■ Task goal: What lines of the material below include the string "Section"? Copy all of them.

■ Material for the task:

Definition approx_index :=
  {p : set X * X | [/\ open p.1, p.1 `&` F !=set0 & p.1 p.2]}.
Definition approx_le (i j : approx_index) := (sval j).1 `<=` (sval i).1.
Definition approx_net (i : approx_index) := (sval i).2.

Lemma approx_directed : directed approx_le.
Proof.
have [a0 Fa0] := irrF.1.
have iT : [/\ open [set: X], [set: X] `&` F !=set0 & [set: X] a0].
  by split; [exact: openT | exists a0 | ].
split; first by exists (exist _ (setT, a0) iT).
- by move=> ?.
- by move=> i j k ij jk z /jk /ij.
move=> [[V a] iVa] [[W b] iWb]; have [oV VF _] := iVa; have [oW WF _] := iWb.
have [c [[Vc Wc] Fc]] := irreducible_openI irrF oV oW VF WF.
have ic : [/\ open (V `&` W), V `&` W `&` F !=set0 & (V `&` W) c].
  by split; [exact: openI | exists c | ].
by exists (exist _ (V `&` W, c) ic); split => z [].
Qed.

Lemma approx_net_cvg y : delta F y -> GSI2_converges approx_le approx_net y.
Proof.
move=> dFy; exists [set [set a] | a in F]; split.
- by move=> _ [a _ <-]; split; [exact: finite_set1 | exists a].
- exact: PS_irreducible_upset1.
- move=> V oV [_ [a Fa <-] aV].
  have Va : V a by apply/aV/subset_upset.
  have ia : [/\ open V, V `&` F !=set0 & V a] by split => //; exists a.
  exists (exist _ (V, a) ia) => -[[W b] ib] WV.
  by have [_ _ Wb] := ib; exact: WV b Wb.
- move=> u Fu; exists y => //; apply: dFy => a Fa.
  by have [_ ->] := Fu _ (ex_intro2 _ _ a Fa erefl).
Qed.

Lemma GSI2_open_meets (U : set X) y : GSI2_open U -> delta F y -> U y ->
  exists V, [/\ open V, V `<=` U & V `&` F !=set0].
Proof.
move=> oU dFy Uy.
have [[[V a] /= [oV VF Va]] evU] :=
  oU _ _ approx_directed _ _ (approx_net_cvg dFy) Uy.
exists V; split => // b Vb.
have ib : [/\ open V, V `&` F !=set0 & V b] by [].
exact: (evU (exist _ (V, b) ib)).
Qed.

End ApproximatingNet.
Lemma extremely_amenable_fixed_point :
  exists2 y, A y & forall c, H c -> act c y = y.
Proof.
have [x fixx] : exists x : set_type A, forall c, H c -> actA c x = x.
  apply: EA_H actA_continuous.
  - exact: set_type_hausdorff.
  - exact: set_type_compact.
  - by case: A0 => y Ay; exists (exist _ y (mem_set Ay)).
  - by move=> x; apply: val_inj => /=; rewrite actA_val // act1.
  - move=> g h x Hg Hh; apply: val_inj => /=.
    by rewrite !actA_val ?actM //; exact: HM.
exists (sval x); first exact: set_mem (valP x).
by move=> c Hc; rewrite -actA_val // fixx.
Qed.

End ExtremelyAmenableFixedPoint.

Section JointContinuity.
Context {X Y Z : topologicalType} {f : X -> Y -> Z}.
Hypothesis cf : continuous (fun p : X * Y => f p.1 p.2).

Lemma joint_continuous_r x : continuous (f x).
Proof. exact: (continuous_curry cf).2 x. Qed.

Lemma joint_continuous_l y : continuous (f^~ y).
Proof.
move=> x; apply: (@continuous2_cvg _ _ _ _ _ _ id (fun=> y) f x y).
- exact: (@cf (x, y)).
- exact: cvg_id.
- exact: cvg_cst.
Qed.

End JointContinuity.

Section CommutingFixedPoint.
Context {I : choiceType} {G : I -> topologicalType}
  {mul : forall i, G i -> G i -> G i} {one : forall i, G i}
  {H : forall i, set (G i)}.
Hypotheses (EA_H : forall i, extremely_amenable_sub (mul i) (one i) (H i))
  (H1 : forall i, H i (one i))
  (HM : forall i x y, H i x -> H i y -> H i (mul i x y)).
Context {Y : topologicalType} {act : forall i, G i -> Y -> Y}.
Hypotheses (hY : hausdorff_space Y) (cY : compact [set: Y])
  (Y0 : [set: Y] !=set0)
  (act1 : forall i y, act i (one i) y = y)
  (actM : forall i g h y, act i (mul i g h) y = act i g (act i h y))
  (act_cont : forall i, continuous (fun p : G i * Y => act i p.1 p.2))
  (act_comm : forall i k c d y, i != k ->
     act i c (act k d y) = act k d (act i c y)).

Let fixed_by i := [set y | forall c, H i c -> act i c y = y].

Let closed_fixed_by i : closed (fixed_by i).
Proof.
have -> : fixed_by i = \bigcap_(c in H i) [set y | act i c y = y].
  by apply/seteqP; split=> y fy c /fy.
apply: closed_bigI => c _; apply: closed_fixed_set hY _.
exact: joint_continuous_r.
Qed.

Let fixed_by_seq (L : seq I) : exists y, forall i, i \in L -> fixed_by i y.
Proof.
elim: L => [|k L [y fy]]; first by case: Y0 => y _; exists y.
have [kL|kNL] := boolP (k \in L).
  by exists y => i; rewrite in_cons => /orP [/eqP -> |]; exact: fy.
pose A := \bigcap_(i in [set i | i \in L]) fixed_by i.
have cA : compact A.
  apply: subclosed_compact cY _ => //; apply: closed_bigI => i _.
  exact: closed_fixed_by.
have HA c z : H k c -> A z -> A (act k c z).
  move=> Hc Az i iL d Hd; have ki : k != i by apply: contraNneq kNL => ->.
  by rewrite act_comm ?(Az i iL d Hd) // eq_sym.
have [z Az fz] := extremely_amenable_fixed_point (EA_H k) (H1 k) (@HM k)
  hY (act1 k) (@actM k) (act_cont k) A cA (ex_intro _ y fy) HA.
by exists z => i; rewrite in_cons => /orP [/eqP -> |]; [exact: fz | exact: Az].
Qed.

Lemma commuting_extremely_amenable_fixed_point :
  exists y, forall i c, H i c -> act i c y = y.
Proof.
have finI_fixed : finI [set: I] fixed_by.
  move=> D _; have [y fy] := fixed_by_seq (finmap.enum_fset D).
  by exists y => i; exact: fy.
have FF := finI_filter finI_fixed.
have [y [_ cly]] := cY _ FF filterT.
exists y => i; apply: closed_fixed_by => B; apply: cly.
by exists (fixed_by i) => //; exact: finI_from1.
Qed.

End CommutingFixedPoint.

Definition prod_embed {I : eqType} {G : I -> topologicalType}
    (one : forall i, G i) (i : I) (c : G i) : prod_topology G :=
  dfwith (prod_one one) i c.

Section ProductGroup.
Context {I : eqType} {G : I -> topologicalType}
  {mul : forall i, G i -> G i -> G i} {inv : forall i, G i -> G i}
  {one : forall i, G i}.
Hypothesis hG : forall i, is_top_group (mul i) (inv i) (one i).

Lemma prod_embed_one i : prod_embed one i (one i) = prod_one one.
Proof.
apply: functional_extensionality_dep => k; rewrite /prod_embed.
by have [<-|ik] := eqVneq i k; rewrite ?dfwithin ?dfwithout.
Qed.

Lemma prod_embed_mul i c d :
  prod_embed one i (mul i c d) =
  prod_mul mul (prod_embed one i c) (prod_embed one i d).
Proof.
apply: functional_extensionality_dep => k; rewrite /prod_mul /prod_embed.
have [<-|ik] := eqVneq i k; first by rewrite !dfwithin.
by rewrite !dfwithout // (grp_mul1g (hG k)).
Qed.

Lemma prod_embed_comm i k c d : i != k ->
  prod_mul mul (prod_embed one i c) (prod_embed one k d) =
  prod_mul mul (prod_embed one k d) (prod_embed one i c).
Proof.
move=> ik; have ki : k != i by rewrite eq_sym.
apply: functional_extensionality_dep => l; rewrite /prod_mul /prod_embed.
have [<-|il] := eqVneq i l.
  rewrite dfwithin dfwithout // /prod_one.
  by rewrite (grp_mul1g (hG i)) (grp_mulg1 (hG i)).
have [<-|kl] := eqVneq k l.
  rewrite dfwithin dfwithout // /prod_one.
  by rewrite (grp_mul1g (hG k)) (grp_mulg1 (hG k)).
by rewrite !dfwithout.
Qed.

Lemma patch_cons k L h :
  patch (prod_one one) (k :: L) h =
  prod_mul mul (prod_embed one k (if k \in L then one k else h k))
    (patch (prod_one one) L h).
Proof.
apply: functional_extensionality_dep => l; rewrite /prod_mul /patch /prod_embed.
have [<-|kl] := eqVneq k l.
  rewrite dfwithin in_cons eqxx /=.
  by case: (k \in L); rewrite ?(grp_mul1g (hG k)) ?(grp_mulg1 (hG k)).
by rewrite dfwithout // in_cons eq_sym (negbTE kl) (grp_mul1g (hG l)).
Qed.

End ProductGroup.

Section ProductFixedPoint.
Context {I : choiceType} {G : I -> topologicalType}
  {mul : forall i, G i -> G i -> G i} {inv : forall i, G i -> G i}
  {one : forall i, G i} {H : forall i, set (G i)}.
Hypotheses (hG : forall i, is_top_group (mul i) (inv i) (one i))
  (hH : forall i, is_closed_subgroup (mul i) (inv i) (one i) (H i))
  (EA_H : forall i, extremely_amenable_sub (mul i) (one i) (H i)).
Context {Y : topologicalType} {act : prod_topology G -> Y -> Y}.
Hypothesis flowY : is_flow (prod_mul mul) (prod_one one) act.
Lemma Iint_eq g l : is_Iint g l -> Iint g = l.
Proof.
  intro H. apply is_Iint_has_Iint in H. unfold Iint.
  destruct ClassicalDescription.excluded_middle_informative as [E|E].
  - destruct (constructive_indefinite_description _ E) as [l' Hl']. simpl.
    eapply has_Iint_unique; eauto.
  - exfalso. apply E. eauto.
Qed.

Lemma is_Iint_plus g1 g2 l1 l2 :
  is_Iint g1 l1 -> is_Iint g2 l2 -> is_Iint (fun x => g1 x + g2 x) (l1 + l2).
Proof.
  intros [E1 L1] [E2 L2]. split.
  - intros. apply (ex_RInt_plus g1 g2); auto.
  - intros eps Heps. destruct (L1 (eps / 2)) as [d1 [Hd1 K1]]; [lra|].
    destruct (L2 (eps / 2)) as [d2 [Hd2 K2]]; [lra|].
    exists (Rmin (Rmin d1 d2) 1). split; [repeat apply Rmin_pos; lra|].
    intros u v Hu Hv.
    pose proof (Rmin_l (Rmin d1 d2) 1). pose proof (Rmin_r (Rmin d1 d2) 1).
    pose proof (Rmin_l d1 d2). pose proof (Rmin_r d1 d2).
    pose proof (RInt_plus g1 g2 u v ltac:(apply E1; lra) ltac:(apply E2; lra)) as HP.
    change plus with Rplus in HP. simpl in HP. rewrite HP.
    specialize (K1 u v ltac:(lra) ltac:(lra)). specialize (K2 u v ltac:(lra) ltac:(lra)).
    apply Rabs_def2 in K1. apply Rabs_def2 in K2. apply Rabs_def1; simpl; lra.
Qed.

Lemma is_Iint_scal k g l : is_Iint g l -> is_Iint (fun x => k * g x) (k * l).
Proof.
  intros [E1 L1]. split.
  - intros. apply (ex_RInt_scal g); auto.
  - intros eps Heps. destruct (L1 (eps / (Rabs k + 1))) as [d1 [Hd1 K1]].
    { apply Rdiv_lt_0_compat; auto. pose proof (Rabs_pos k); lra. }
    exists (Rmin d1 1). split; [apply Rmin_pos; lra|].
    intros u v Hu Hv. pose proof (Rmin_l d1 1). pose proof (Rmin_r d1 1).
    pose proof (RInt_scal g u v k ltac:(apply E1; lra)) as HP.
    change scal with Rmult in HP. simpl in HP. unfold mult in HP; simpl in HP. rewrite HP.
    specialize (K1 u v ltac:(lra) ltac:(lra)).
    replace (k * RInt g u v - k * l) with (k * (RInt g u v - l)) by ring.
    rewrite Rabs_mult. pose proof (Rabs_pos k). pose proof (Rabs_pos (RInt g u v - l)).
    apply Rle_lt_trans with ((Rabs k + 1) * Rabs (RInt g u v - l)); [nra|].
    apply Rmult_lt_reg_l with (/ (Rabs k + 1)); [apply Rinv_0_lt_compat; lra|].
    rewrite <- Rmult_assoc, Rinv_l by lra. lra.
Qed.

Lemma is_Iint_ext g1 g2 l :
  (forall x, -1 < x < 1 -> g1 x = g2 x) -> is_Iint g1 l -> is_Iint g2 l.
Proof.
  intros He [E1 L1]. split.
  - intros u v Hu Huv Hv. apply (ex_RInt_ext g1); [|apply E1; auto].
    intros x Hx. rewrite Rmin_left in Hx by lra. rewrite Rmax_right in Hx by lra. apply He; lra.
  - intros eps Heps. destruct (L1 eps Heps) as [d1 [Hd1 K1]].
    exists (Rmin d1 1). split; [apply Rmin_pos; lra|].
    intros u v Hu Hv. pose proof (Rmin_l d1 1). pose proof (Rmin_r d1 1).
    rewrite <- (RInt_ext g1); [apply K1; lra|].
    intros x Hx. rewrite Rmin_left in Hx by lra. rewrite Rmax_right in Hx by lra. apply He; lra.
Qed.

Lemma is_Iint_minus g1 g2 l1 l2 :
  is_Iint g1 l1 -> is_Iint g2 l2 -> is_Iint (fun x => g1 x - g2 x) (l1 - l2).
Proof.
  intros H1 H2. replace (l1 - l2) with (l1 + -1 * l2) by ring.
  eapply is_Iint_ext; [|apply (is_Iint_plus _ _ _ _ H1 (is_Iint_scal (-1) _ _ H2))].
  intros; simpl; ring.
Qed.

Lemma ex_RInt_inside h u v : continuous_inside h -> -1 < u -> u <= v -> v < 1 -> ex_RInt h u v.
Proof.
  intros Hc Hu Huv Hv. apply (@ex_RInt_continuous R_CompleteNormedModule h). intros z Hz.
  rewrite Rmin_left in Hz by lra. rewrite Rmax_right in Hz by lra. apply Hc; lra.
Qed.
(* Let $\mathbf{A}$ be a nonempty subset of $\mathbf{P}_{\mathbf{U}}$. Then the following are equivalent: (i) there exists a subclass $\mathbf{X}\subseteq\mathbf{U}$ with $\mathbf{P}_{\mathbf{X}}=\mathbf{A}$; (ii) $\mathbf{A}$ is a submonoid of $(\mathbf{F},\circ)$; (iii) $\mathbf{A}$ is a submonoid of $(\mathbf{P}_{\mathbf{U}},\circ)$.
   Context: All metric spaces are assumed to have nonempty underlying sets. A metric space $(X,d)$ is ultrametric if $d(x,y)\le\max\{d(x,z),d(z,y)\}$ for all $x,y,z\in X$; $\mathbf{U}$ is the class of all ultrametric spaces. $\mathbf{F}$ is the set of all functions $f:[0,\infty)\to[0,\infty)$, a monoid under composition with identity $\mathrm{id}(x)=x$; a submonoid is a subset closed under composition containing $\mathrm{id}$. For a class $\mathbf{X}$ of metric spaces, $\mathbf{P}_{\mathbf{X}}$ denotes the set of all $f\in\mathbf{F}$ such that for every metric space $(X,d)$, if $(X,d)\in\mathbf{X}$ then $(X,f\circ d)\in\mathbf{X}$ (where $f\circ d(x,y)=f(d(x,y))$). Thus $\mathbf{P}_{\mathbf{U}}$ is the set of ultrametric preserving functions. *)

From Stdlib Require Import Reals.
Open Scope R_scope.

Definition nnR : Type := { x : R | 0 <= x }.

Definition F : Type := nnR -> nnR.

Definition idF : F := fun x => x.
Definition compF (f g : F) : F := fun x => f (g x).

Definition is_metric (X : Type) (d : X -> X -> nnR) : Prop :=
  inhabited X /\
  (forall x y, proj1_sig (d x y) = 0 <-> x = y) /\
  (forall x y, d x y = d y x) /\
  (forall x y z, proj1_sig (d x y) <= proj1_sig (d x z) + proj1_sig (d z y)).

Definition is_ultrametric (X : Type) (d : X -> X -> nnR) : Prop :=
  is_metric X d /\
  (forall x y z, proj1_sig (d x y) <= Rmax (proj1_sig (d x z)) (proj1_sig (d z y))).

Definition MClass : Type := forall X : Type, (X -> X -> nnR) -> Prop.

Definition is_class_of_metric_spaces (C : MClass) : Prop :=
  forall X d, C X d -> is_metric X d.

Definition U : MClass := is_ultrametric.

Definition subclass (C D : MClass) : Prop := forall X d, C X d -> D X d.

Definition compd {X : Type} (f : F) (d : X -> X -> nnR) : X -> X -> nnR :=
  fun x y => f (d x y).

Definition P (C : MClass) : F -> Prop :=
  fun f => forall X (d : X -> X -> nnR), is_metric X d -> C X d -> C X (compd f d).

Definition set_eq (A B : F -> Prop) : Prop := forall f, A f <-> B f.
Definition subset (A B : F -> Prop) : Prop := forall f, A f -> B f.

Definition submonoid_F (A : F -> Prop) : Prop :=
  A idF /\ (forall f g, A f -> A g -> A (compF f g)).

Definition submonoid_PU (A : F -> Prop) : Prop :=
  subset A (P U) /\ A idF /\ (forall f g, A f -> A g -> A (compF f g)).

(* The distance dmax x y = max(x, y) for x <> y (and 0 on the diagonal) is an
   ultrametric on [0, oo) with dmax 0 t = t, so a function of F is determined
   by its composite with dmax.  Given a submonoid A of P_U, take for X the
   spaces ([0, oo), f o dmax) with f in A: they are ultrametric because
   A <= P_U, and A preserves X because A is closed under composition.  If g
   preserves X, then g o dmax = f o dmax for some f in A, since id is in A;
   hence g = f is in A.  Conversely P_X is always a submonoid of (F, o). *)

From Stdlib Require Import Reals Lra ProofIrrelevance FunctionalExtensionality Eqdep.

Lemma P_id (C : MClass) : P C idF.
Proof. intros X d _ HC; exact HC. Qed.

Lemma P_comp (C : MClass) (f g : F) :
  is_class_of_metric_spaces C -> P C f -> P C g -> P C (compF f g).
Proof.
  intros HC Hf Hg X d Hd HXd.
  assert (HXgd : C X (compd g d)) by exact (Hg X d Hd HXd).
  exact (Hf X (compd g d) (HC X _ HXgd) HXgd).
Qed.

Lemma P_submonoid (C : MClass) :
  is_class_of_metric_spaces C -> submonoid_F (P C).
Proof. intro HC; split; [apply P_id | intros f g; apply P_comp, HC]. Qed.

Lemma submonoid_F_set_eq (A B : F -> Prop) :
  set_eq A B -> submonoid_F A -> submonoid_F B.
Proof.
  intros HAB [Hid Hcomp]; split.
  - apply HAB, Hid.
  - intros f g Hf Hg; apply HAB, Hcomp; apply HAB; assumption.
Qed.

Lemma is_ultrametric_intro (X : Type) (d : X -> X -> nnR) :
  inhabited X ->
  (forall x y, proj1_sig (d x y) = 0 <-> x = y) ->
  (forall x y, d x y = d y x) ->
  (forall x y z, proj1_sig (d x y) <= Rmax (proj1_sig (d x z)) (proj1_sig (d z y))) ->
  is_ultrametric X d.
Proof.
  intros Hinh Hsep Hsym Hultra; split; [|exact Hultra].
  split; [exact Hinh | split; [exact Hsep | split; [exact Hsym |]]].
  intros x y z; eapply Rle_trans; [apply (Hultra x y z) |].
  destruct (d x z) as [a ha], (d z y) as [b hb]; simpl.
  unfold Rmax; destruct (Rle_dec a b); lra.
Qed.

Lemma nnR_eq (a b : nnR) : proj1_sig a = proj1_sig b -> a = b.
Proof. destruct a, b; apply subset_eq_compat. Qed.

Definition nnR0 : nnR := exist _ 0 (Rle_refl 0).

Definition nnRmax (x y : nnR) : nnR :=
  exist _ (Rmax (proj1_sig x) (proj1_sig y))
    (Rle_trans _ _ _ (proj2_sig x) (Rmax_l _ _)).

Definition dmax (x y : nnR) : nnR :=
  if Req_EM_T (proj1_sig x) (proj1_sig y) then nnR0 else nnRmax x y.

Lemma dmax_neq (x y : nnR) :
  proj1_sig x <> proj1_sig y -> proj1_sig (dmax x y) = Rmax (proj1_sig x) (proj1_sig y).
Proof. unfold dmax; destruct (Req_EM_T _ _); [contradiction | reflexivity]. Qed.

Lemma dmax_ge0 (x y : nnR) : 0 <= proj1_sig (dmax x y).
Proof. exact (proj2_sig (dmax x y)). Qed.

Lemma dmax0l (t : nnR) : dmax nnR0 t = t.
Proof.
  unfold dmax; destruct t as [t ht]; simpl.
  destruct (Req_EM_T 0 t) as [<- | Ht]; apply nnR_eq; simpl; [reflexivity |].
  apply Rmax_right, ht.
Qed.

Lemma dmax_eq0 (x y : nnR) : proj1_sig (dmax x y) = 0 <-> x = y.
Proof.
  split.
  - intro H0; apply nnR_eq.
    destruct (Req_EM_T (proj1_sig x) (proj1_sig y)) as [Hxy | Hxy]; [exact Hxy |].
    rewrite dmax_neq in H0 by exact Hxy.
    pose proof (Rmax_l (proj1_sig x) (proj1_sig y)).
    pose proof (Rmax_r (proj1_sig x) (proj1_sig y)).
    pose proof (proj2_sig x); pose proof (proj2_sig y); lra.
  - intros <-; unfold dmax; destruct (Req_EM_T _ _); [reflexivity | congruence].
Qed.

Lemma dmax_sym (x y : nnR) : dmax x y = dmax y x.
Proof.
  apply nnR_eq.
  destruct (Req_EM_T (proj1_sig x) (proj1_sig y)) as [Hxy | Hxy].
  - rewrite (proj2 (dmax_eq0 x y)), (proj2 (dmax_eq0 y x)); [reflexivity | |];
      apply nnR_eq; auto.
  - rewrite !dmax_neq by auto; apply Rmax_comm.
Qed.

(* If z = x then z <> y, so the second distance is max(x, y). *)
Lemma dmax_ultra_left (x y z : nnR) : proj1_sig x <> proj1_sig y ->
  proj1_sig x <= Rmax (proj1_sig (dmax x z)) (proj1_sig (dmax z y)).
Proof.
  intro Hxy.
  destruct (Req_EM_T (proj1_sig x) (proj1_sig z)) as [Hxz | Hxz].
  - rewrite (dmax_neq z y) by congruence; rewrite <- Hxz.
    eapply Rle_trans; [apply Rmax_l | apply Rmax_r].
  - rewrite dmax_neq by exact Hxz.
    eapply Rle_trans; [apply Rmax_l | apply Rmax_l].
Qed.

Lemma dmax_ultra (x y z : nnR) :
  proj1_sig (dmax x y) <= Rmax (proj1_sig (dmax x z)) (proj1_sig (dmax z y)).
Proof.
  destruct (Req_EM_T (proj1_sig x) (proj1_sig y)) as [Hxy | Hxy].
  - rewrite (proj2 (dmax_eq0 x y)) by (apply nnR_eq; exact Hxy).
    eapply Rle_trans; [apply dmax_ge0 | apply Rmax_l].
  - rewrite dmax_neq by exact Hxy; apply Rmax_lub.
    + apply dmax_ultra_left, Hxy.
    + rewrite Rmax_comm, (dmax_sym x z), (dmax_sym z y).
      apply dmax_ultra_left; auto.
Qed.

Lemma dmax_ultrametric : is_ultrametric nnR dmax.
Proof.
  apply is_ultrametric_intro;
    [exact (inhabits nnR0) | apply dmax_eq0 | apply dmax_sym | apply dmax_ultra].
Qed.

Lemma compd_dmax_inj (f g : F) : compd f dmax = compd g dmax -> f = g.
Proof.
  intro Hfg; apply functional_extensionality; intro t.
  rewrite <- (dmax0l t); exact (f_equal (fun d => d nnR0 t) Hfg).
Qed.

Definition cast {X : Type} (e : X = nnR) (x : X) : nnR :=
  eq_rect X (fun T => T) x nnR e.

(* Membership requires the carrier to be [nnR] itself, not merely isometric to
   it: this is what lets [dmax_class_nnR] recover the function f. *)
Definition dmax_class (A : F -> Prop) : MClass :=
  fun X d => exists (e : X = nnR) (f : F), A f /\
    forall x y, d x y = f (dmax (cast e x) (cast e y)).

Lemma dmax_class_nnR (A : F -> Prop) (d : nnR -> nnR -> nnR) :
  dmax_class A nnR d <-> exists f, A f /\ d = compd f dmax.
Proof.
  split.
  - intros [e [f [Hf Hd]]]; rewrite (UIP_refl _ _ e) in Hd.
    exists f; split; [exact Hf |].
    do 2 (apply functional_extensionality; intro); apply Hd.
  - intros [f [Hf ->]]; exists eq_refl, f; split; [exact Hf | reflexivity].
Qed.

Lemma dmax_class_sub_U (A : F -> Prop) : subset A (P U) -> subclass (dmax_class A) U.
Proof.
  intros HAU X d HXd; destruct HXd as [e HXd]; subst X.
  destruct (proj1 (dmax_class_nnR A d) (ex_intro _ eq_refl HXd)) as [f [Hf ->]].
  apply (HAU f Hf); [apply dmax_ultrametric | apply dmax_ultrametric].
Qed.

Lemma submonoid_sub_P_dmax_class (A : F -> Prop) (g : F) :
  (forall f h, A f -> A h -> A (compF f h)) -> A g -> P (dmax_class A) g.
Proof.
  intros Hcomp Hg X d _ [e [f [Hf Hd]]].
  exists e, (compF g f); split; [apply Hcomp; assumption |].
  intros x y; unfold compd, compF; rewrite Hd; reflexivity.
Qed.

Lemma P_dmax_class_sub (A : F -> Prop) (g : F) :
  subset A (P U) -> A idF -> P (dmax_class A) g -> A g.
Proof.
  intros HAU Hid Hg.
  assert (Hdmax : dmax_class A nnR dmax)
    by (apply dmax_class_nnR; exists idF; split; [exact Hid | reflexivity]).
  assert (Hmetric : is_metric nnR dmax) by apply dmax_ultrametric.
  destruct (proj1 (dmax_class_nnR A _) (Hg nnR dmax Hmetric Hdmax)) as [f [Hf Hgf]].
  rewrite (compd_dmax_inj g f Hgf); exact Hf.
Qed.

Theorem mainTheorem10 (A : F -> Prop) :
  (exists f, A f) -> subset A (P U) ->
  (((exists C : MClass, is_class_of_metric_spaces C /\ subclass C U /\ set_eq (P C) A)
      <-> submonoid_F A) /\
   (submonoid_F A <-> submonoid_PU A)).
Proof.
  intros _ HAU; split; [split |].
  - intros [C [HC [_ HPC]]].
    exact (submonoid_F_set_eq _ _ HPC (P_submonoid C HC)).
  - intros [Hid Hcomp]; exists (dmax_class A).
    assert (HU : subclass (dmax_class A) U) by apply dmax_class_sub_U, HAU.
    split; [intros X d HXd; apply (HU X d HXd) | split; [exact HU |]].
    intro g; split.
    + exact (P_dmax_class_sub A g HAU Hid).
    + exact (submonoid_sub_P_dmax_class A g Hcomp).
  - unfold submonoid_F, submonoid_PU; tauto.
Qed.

■ Answer to this exercise:
Section JointContinuity.
Section CommutingFixedPoint.
Section ProductGroup.
Section ProductFixedPoint.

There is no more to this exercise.